_ENTRIES SHOWN_

☆ ☆ ☆

(* Let $k$ be a field of characteristic $p>0$. Let $\mathfrak{a}$ be a finite-dimensional restricted Lie algebra over $k$ with trivial Lie bracket $[a,a']=0$ and trivial $p$-map $a^{[p]}=0$, and let $\mathfrak{b}=ke$ be the one-dimensional restricted Lie algebra with $p$-map $(\lambda e)^{[p]}=\lambda^p e$. On the vector space $\mathfrak{g}=\mathfrak{a}\oplus\mathfrak{b}$ define the Lie bracket $[a+\lambda e,a'+\lambda' e]=\lambda a'-\lambda' a$ (the semidirect product $\mathfrak{a}\rtimes\mathfrak{b}$ for the homomorphism $\mathfrak{b}\to\mathfrak{gl}(\mathfrak{a})$, $e\mapsto \mathrm{id}_{\mathfrak{a}}$) and the map $(a+\lambda e)^{[p]}=\lambda^{p-1}(a+\lambda e)$ for $a,a'\in\mathfrak{a}$, $\lambda,\lambda'\in k$. Then this map is a $p$-map making $\mathfrak{g}$ a restricted Lie algebra such that the inclusions of $\mathfrak{a}$ and $\mathfrak{b}$ are homomorphisms of restricted Lie algebras; it is the unique $p$-map on the Lie algebra $\mathfrak{g}$ with this property; and every nonzero vector of $\mathfrak{g}$ is $p$-closed.
   Context: A restricted Lie algebra over $k$ is a Lie algebra $\mathfrak{g}$ with a map $x\mapsto x^{[p]}$ satisfying $(\lambda x)^{[p]}=\lambda^p x^{[p]}$, $[x^{[p]},y]=(\mathrm{ad}_x)^p(y)$ and $(x+y)^{[p]}=x^{[p]}+y^{[p]}+\sum_{r=1}^{p-1}s_r(x,y)$, where $s_r$ are the usual universal Lie polynomials (Jacobson's formula). A vector $x\in\mathfrak{g}$ is called $p$-closed if $x\neq 0$ and $x^{[p]}\in kx$. *)

From HB Require Import structures.
From mathcomp Require Import all_boot all_order all_algebra.
Set Implicit Arguments. Unset Strict Implicit. Unset Printing Implicit Defensive.
Import GRing.Theory.
Local Open Scope ring_scope.

Section Restricted.
Variables (k : fieldType) (L : lmodType k).

Definition is_lie_bracket (br : L -> L -> L) : Prop :=
  [/\ (forall (c : k) x y z, br (c *: x + y) z = c *: br x z + br y z),
      (forall (c : k) x y z, br x (c *: y + z) = c *: br x y + br x z),
      (forall x, br x x = 0) &
      (forall x y z, br x (br y z) + br y (br z x) + br z (br x y) = 0)].

Definition lie_word (br : L -> L -> L) (x y : L) (w : seq bool) : L :=
  foldr (fun b acc => br (if b then x else y) acc) x w.

(* Jacobson's universal Lie polynomial s_r(x,y): r s_r(x,y) is the coefficient
   of t^(r-1) in ad(t x + y)^(p-1)(x). *)
Definition jacobson_s (p r : nat) (br : L -> L -> L) (x y : L) : L :=
  (r%:R)^-1 *: \sum_(w : (p.-1).-tuple bool | count id w == r.-1)
                  lie_word br x y w.

Definition is_pmap (p : nat) (br : L -> L -> L) (pm : L -> L) : Prop :=
  [/\ (forall (c : k) x, pm (c *: x) = c ^+ p *: pm x),
      (forall x y, br (pm x) y = iter p (br x) y) &
      (forall x y, pm (x + y) = pm x + pm y + \sum_(1 <= r < p) jacobson_s p r br x y)].

Definition is_restricted_lie (p : nat) (br : L -> L -> L) (pm : L -> L) : Prop :=
  is_lie_bracket br /\ is_pmap p br pm.

Definition p_closed (pm : L -> L) (x : L) : Prop :=
  x != 0 /\ exists c : k, pm x = c *: x.

End Restricted.

Definition is_restricted_hom (k : fieldType) (A B : lmodType k)
  (brA : A -> A -> A) (pmA : A -> A) (brB : B -> B -> B) (pmB : B -> B)
  (f : A -> B) : Prop :=
  [/\ (forall (c : k) x y, f (c *: x + y) = c *: f x + f y),
      (forall x y, f (brA x y) = brB (f x) (f y)) &
      (forall x, f (pmA x) = pmB (f x))].

(* The semidirect product g = a x| k e, a = V with trivial bracket and p-map,
   elements written as pairs (a, lambda) meaning a + lambda e. *)
Section Semidirect.
Variables (k : fieldType) (V : vectType k).

Definition sd_g := (V * k^o)%type.

Definition sd_br (x y : sd_g) : sd_g :=
  (x.2 *: y.1 - y.2 *: x.1, 0).

Definition sd_pm (p : nat) (x : sd_g) : sd_g := (x.2 ^+ p.-1) *: x.

Definition a_br (x y : V) : V := 0.
Definition a_pm (x : V) : V := 0.
Definition b_br (x y : k^o) : k^o := 0.
Definition b_pm (p : nat) (x : k^o) : k^o := x ^+ p.

Definition incl_a (a : V) : sd_g := (a, 0).
Definition incl_b (l : k^o) : sd_g := (0, l).
End Semidirect.

(* The bracket of g takes values in a, and ad x acts on a as multiplication
   by the e-coordinate x.2.  Hence every Lie word occurring in Jacobson's
   formula is a scalar multiple of [y, x], and in characteristic p the
   identity 'C(p-2, i) / (i+1) = (-1)^i turns the whole Jacobson sum into
   J(x.2, y.2) [y, x] with J(a, b) = sum_i (-a)^i b^(p-2-i).  The same J
   appears when (a + b)^(p-1) is expanded using 'C(p-1, i) = (-1)^i, which
   gives the additivity axiom for x |-> x.2^(p-1) x.  Uniqueness holds because
   the Jacobson formula determines a p-map on a + b from its values on a and
   on b, where the homomorphism conditions fix it. *)

From HB Require Import structures.
From mathcomp Require Import all_boot all_order all_algebra.
From mathcomp Require Import ring.
Import GRing.Theory.
Local Open Scope ring_scope.
Set Implicit Arguments. Unset Strict Implicit.

Section PcharBinomial.
Variables (R : comNzRingType) (p : nat).
Hypothesis pcharRp : p \in [pchar R].

Let p_gt0 : (0 < p)%N. Proof. exact: prime_gt0 (pcharf_prime pcharRp). Qed.

Lemma pchar_bin_pred i : (i < p)%N -> 'C(p.-1, i)%:R = (-1) ^+ i :> R.
Proof.
elim: i => [|i IHi] lt_ip; first by rewrite bin0 expr0.
have /eqP : 'C(p, i.+1)%:R = 0 :> R by rewrite bin_lt_pcharf_0.
rewrite -{1}(prednK p_gt0) binS natrD (IHi (ltnW lt_ip)) addr_eq0 => /eqP ->.
by rewrite exprS mulN1r.
Qed.

Lemma exprD_pred_pchar (a b : R) :
  (a + b) ^+ p.-1 = \sum_(i < p) (- a) ^+ i * b ^+ (p.-1 - i).
Proof.
rewrite addrC exprDn prednK //; apply: eq_bigr => i _.
by rewrite exprNn -mulr_natr pchar_bin_pred // mulrC [b ^+ _ * _]mulrC mulrA.
Qed.

Lemma pchar_bin_pred2 i :
  (i < p.-1)%N -> 'C(p.-2, i)%:R = (-1) ^+ i * i.+1%:R :> R.
Proof.
move=> lt_ip; have pred_p : p.-1%:R = -1 :> R.
  by apply/eqP; rewrite -addr_eq0 natr1 prednK // pcharf0.
have /(congr1 (GRing.natmul (1 : R))) := mul_bin_diag p.-1 i.
rewrite !natrM pred_p pchar_bin_pred -?ltn_predRL // mulN1r exprS.
by move/eqP; rewrite eqr_oppLR => /eqP ->; ring.
Qed.

(* In characteristic p, jacobson_coef a b * (a + b) = b^(p-1) - a^(p-1). *)
Definition jacobson_coef (a b : R) : R :=
  \sum_(i < p.-1) (- a) ^+ i * b ^+ (p.-2 - i).

Lemma exprD_pred_jacobson_coefl (a b : R) :
  (a + b) ^+ p.-1 = a ^+ p.-1 + jacobson_coef a b * b.
Proof.
rewrite exprD_pred_pchar -(prednK p_gt0) big_ord_recr /= subnn expr0 mulr1.
rewrite exprNn -pchar_bin_pred ?prednK // binn mul1r addrC /jacobson_coef.
congr (_ + _); rewrite mulr_suml; apply: eq_bigr => i _.
have lt_i_pS := ltn_predK (ltn_ord i).
by rewrite -mulrA -exprSr -subSn ?lt_i_pS // -ltnS lt_i_pS.
Qed.

Lemma exprD_pred_jacobson_coefr (a b : R) :
  (a + b) ^+ p.-1 = b ^+ p.-1 - a * jacobson_coef a b.
Proof.
rewrite exprD_pred_pchar -(prednK p_gt0) big_ord_recl /= expr0 mul1r subn0.
congr (_ + _); rewrite /jacobson_coef mulr_sumr -sumrN; apply: eq_bigr => i _.
by rewrite /bump add1n subnS predn_sub exprS !mulNr mulrA.
Qed.

End PcharBinomial.

Lemma big_tuple_cons (R : nmodType) (T : finType) n (P : pred (seq T))
    (F : seq T -> R) :
  \sum_(w : n.+1.-tuple T | P w) F w =
  \sum_(t : T) \sum_(w : n.-tuple T | P (t :: w)) F (t :: w).
Proof.
have cons_bij : bijective (fun tw : T * n.-tuple T => [tuple of tw.1 :: tw.2]).
  exists (fun w : n.+1.-tuple T => (thead w, [tuple of behead w])).
    by case=> t w; congr pair; apply: val_inj.
  by move=> w; rewrite [in RHS](tuple_eta w); apply: val_inj.
rewrite (reindex _ (onW_bij _ cons_bij)) /=.
by rewrite (pair_big_dep xpredT (fun t (w : n.-tuple T) => P (t :: w))).
Qed.

Section LieBracket.
Variables (k : fieldType) (L : lmodType k) (br : L -> L -> L).
Hypothesis brZDr : forall c x y z, br x (c *: y + z) = c *: br x y + br x z.

Lemma lie_brDr x y z : br x (y + z) = br x y + br x z.
Proof. by rewrite -[y]scale1r brZDr !scale1r. Qed.

Lemma lie_br0r x : br x 0 = 0.
Proof. by apply: (addrI (br x 0)); rewrite -lie_brDr !addr0. Qed.

Lemma lie_brZr c x y : br x (c *: y) = c *: br x y.
Proof. by rewrite -[c *: y]addr0 brZDr lie_br0r addr0. Qed.

Lemma lie_br_sumr x (I : finType) (P : pred I) (F : I -> L) :
  br x (\sum_(i | P i) F i) = \sum_(i | P i) br x (F i).
Proof. exact: (big_morph _ (lie_brDr x) (lie_br0r x)). Qed.

Definition lie_word_sum (x y : L) (n m : nat) : L :=
  \sum_(w : n.-tuple bool | count id w == m) lie_word br x y w.

Lemma jacobson_sE p r x y :
  jacobson_s p r br x y = r%:R^-1 *: lie_word_sum x y p.-1 r.-1.
Proof. by []. Qed.

Lemma lie_word_sum0 x y m : lie_word_sum x y 0 m = if m == 0%N then x else 0.
Proof.
rewrite /lie_word_sum; case: m => [|m] /=; last first.
  by rewrite big_pred0 // => w; rewrite tuple0.
rewrite (eq_bigl (pred1 [tuple])) ?big_pred1_eq // => w.
by rewrite [w]tuple0; symmetry; exact: eqxx.
Qed.

Lemma lie_word_sumS x y n m :
  lie_word_sum x y n.+1 m =
  (if m is m'.+1 then br x (lie_word_sum x y n m') else 0) +
  br y (lie_word_sum x y n m).
Proof.
rewrite /lie_word_sum (big_tuple_cons _ (fun w => count id w == m)) big_bool /=.
rewrite lie_br_sumr; congr (_ + _).
case: m => [|m]; first by rewrite big_pred0.
by rewrite lie_br_sumr.
Qed.

End LieBracket.

Lemma pmapD_eq (k : fieldType) (L : lmodType k) p (br : L -> L -> L)
    (pm1 pm2 : L -> L) x y :
  is_pmap p br pm1 -> is_pmap p br pm2 -> pm1 x = pm2 x -> pm1 y = pm2 y ->
  pm1 (x + y) = pm2 (x + y).
Proof. by move=> [_ _ pm1D] [_ _ pm2D] eq_x eq_y; rewrite pm1D pm2D eq_x eq_y. Qed.

Section Semidirect.
Variables (k : fieldType) (V : vectType k).
Implicit Types x y z : sd_g V.

Lemma sd_br_anti x y : sd_br y x = - sd_br x y.
Proof. by rewrite /sd_br; congr pair; rewrite /= ?opprB ?oppr0. Qed.

Lemma sd_brZDr c x y z : sd_br x (c *: y + z) = c *: sd_br x y + sd_br x z.
Proof.
rewrite /sd_br; congr pair; rewrite /= ?scaler0 ?addr0 //.
by rewrite scalerDr scalerDl scalerBr !scalerA mulrC opprD addrACA.
Qed.

Lemma sd_brZDl c x y z : sd_br (c *: x + y) z = c *: sd_br x z + sd_br y z.
Proof. by rewrite sd_br_anti sd_brZDr opprD -scalerN -!sd_br_anti. Qed.

Lemma sd_br_br z x y : sd_br z (sd_br x y) = z.2 *: sd_br x y.
Proof. by apply: injective_projections; rewrite /= ?scale0r ?subr0 ?scaler0. Qed.

Lemma sd_br_lie : is_lie_bracket (@sd_br k V).
Proof.
split; [exact: sd_brZDl | exact: sd_brZDr | by move=> x; rewrite /sd_br subrr |].
move=> x y z; rewrite !sd_br_br.
apply: injective_projections; rewrite /= ?scaler0 ?addr0 //.
rewrite !scalerBr !scalerA (mulrC y.2 x.2) (mulrC z.2 x.2) (mulrC z.2 y.2).
by rewrite [_ - _ + (_ - _)]addrC !subrKA subrr.
Qed.

Lemma iter_sd_br x y m : iter m.+1 (sd_br x) y = x.2 ^+ m *: sd_br x y.
Proof.
elim: m => [|m IHm]; first by rewrite expr0 scale1r.
by rewrite iterS IHm (lie_brZr sd_brZDr) sd_br_br scalerA -exprSr.
Qed.

Lemma lie_word_sum_sd x y n m :
  lie_word_sum (@sd_br k V) x y n.+1 m =
  ('C(n, m)%:R * (x.2 ^+ m * y.2 ^+ (n - m))) *: sd_br y x.
Proof.
have brZr := lie_brZr sd_brZDr; have br0r := lie_br0r sd_brZDr.
elim: n m => [|n IHn] m; rewrite (lie_word_sumS sd_brZDr).
  case: m => [|[|m]]; rewrite !lie_word_sum0 /=.
  - by rewrite add0r bin0 !expr0 !mulr1 scale1r.
  - by rewrite br0r addr0 /sd_br subrr bin0n mul0r scale0r.
  - by rewrite !br0r addr0 bin0n mul0r scale0r.
case: m => [|m]; rewrite !IHn !brZr !sd_br_br !scalerA.
  by rewrite add0r !bin0 !subn0 expr0 exprSr !mul1r.
rewrite -scalerDl binS natrD subSS; congr (_ *: _).
have [lt_mn | le_nm] := ltnP m n.
  by rewrite -(subnSK lt_mn) (exprS x.2 m) (exprS y.2 (n - m.+1)); ring.
by rewrite (@bin_small n m.+1) ?ltnS // (exprS x.2 m); ring.
Qed.

Variable p : nat.
Hypothesis pcharkp : p \in [pchar k].

Let p_gt1 : (1 < p)%N. Proof. exact: prime_gt1 (pcharf_prime pcharkp). Qed.
Let p_gt0 : (0 < p)%N. Proof. exact: ltnW p_gt1. Qed.

Lemma sd_jacobson_sum x y :
  \sum_(1 <= r < p) jacobson_s p r (@sd_br k V) x y =
  jacobson_coef p x.2 y.2 *: sd_br y x.
Proof.
rewrite big_add1 big_mkord /jacobson_coef scaler_suml; apply: eq_bigr => -[i lt_i] _ /=.
have lt_ip : (i.+1 < p)%N by rewrite -ltn_predRL.
have i1_neq0 : i.+1%:R != 0 :> k by rewrite -(dvdn_pcharf pcharkp) gtnNdvd.
rewrite jacobson_sE -(ltn_predK lt_i) lie_word_sum_sd scalerA /=.
rewrite (pchar_bin_pred2 pcharkp lt_i) [(-1) ^+ i * _]mulrC -!mulrA mulKf //.
by rewrite mulrA -exprNn.
Qed.

Lemma sd_pmD x y :
  sd_pm p (x + y) =
  sd_pm p x + sd_pm p y + jacobson_coef p x.2 y.2 *: sd_br y x.
Proof.
case: x y => [a s] [b t]; apply: injective_projections => /=.
  rewrite scalerDr {1}(exprD_pred_jacobson_coefl pcharkp).
  rewrite (exprD_pred_jacobson_coefr pcharkp).
  rewrite !scalerDl scaleNr scalerBr !scalerA (mulrC s).
  by rewrite addrACA.
rewrite scaler0 addr0.
change ((s + t) ^+ p.-1 * (s + t) = s ^+ p.-1 * s + t ^+ p.-1 * t).
by rewrite -!exprSr prednK // -!(pFrobenius_autE pcharkp) rmorphD.
Qed.

Lemma sd_pmZ c x : sd_pm p (c *: x) = c ^+ p *: sd_pm p x.
Proof.
rewrite /sd_pm !scalerA; congr (_ *: _).
by rewrite /= exprMn mulrAC -exprSr prednK.
Qed.

Lemma sd_brZl c x y : sd_br (c *: x) y = c *: sd_br x y.
Proof. by rewrite sd_br_anti (lie_brZr sd_brZDr) -scalerN -sd_br_anti. Qed.

Lemma sd_pm_ad x y : sd_br (sd_pm p x) y = iter p (sd_br x) y.
Proof. by rewrite /sd_pm sd_brZl -(prednK p_gt0) iter_sd_br. Qed.

Lemma sd_pm_is_pmap : is_pmap p (@sd_br k V) (sd_pm p).
Proof.
split; [exact: sd_pmZ | exact: sd_pm_ad |].
by move=> x y; rewrite sd_jacobson_sum sd_pmD.
Qed.

Lemma sd_restricted_lie : is_restricted_lie p (@sd_br k V) (sd_pm p).
Proof. split; [exact: sd_br_lie | exact: sd_pm_is_pmap]. Qed.

Lemma incl_a_restricted_hom :
  is_restricted_hom (@a_br k V) (@a_pm k V) (@sd_br k V) (sd_pm p) (@incl_a k V).
Proof.
split=> *; apply: injective_projections; rewrite /= ?scaler0 ?scale0r ?addr0 ?subr0 //.
by rewrite expr0n eqn0Ngt -ltnS prednK // p_gt1 scale0r.
Qed.

Lemma incl_b_restricted_hom :
  is_restricted_hom (@b_br k) (b_pm p) (@sd_br k V) (sd_pm p) (@incl_b k V).
Proof.
split=> *; apply: injective_projections;
  by rewrite /= ?scaler0 ?addr0 ?subr0 // /b_pm -{1}(prednK p_gt0) exprSr.
Qed.

Lemma sd_pm_unique pm :
  is_pmap p (@sd_br k V) pm ->
  (forall a, incl_a (a_pm a) = pm (incl_a a)) ->
  (forall l, incl_b V (b_pm p l) = pm (incl_b V l)) ->
  pm =1 sd_pm p.
Proof.
move=> pm_pmap pm_a pm_b [a l].
have -> : (a, l) = incl_a a + incl_b V l.
  by apply: injective_projections; rewrite /= ?addr0 ?add0r.
have [_ _ sd_pm_a] := incl_a_restricted_hom.
have [_ _ sd_pm_b] := incl_b_restricted_hom.
apply: (pmapD_eq pm_pmap sd_pm_is_pmap).
- by rewrite -pm_a sd_pm_a.
- by rewrite -pm_b sd_pm_b.
Qed.

End Semidirect.

Theorem proposition1p1 (k : fieldType) (p : nat) (hp : p \in [pchar k])
    (V : vectType k) :
  [/\ is_restricted_lie p (@sd_br k V) (@sd_pm k V p),
      is_restricted_hom (@a_br k V) (@a_pm k V) (@sd_br k V) (@sd_pm k V p) (@incl_a k V),
      is_restricted_hom (@b_br k) (@b_pm k p) (@sd_br k V) (@sd_pm k V p) (@incl_b k V),
      (forall pm' : sd_g V -> sd_g V,
          is_restricted_lie p (@sd_br k V) pm' ->
          is_restricted_hom (@a_br k V) (@a_pm k V) (@sd_br k V) pm' (@incl_a k V) ->
          is_restricted_hom (@b_br k) (@b_pm k p) (@sd_br k V) pm' (@incl_b k V) ->
          forall x, pm' x = sd_pm p x) &
      (forall x : sd_g V, x != 0 -> p_closed (@sd_pm k V p) x)].
Proof.
split.
- exact: sd_restricted_lie.
- exact: incl_a_restricted_hom.
- exact: incl_b_restricted_hom.
- by move=> pm [_ pm_pmap] [_ _ pm_a] [_ _ pm_b]; exact: sd_pm_unique.
- by move=> x x_neq0; split; last exists (x.2 ^+ p.-1).
Qed.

☆ ☆ ☆

_GOAL OF THE EXERCISE_
Once you have found every line in the listing that holds the string "fieldType", copy each of them.

_TASK OUTPUT_
Variables (k : fieldType) (L : lmodType k).
Definition is_restricted_hom (k : fieldType) (A B : lmodType k)
Variables (k : fieldType) (V : vectType k).
Variables (k : fieldType) (L : lmodType k) (br : L -> L -> L).
Lemma pmapD_eq (k : fieldType) (L : lmodType k) p (br : L -> L -> L)
Variables (k : fieldType) (V : vectType k).
Theorem proposition1p1 (k : fieldType) (p : nat) (hp : p \in [pchar k])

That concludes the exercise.